Return, in their exact form, the lines that lie between the start of the data below and the line containing "by rewrite fdiffnS", with both ends included.

→ **Records for processing**
# # #

Variable R : archiNumFieldType.
Implicit Types (p : {poly R}) (i j k m n c : nat).

Definition int_valued p := forall z : int, p.[z%:~R] \is a Num.int.

Lemma int_valued_fdiffn i p : int_valued p -> int_valued (fdiffn i p).
Proof.
move=> p_int; elim: i => // i IH z.
by rewrite fdiffnS horner_fdiff -[1]/(1%:~R) -intrD rpredB.
Qed.

Lemma int_valued_from_fdiff p :
  int_valued (fdiff p) -> p.[0] \is a Num.int -> int_valued p.
Proof.
move=> fdiff_int p0_int.
have step (z : int) : p.[(z + 1)%:~R] = p.[z%:~R] + (fdiff p).[z%:~R].
  by rewrite horner_fdiff intrD [RHS]addrC subrK.
elim/int_rec=> [|a IH|a IH] //.
  by rewrite -addn1 PoszD step rpredD.
have := step (- a.+1%:Z); rewrite -addn1 PoszD opprD addrNK => p_a.
by rewrite -(rpredDr _ (fdiff_int (- a%:Z - 1))) -p_a.
Qed.

Lemma int_valued_binom_poly j : int_valued (binom_poly R j).
Proof.
elim: j => [|j IH]; apply: int_valued_from_fdiff; rewrite ?binom_poly_at0 ?rpred_nat //.
  by rewrite fdiff_binom_poly0 => z; rewrite horner0 rpred0.
by rewrite fdiff_binom_polyS.
Qed.

Lemma ratr_int_num (x : rat) : (ratr x \is a @Num.int R) = (x \is a Num.int).
Proof. by rewrite !intrEfloor floor_rat -ratr_int (inj_eq (fmorph_inj _)). Qed.

Lemma dvdn_denq_ratr c (x : rat) : (`|denq x| %| c)%N = (c%:R * ratr x \is a @Num.int R).
Proof.
have -> : c%:R = ratr c%:R :> R by rewrite ratr_nat.
by rewrite -rmorphM ratr_int_num dvdn_denq_Qint.
Qed.

Lemma int_valued_scale_derivn n k c p : (forall m, (k <= m <= n)%N -> (d m k %| c)%N) ->
  (size p <= n.+1)%N -> int_valued p -> int_valued (c%:R *: p^`(k)).
Proof.
move=> d_c p_n p_int z; rewrite hornerZ (derivn_fdop k p_n) (fdop_trunc _ p_n).
rewrite horner_sum mulr_sumr rpred_sum // => i _.
rewrite hornerZ mulrA rpredM ?int_valued_fdiffn // (@coef_log1p_poly_exp _ n k i (ltn_ord i)).
rewrite mulrCA rpredMsign -dvdn_denq_ratr.
have [k_i|/F_small ->] := leqP k i; last by rewrite dvdn_denq_Qint mulr0.
by apply: d_c; rewrite k_i -ltnS ltn_ord.
Qed.

Lemma dvdn_d_int_valued m k c : int_valued (c%:R *: (binom_poly R m)^`(k)) -> (d m k %| c)%N.
Proof.
by move=> /(_ 0); rewrite hornerZ derivn_binom_poly_at0 mulrCA rpredMsign -dvdn_denq_ratr.
Qed.

End IntegerValued.

Theorem theorem2 (n k : nat) (hkn : (k <= n)%N) :
  let L := (\big[lcmn/1]_(k <= m < n.+1) d m k)%N in
  [/\ (0 < L)%N, admissible n k L,
      (forall c : nat, (0 < c)%N -> admissible n k c -> (L <= c)%N)
    & (L %| q n k)%N].
Proof.
move=> L; have d_L : forall m, (k <= m < n.+1)%N -> (d m k %| L)%N.
  exact/dvdn_biglcm_natP/dvdnn.
split.
- rewrite /L; elim/big_ind: _ => // [x y x_gt0 y_gt0|m _]; first by rewrite lcmn_gt0 x_gt0.
  by rewrite absz_gt0 denq_neq0.
- move=> P [P_n P_int]; split.
    by rewrite (leq_trans (size_scale_leq _ _)) // (leq_trans (size_derivn_leq _ _)).
  by apply: int_valued_scale_derivn P_n P_int => m; apply: d_L.
- move=> c c_gt0 c_adm; apply: dvdn_leq c_gt0 _; apply/dvdn_biglcm_natP => m /andP[_ m_n].
  have B_En : Defs.inE n (binom_poly algC m).
    by split; [rewrite size_binom_poly | exact: int_valued_binom_poly].
  by apply: (@dvdn_d_int_valued algC); case: (c_adm _ B_En).
- by apply/dvdn_biglcm_natP => m /andP[_ m_n]; apply: dvdn_d_q.
Qed.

# # #

→ **Reply**
Variable R : archiNumFieldType.
Implicit Types (p : {poly R}) (i j k m n c : nat).

Definition int_valued p := forall z : int, p.[z%:~R] \is a Num.int.

Lemma int_valued_fdiffn i p : int_valued p -> int_valued (fdiffn i p).
Proof.
move=> p_int; elim: i => // i IH z.
by rewrite fdiffnS horner_fdiff -[1]/(1%:~R) -intrD rpredB.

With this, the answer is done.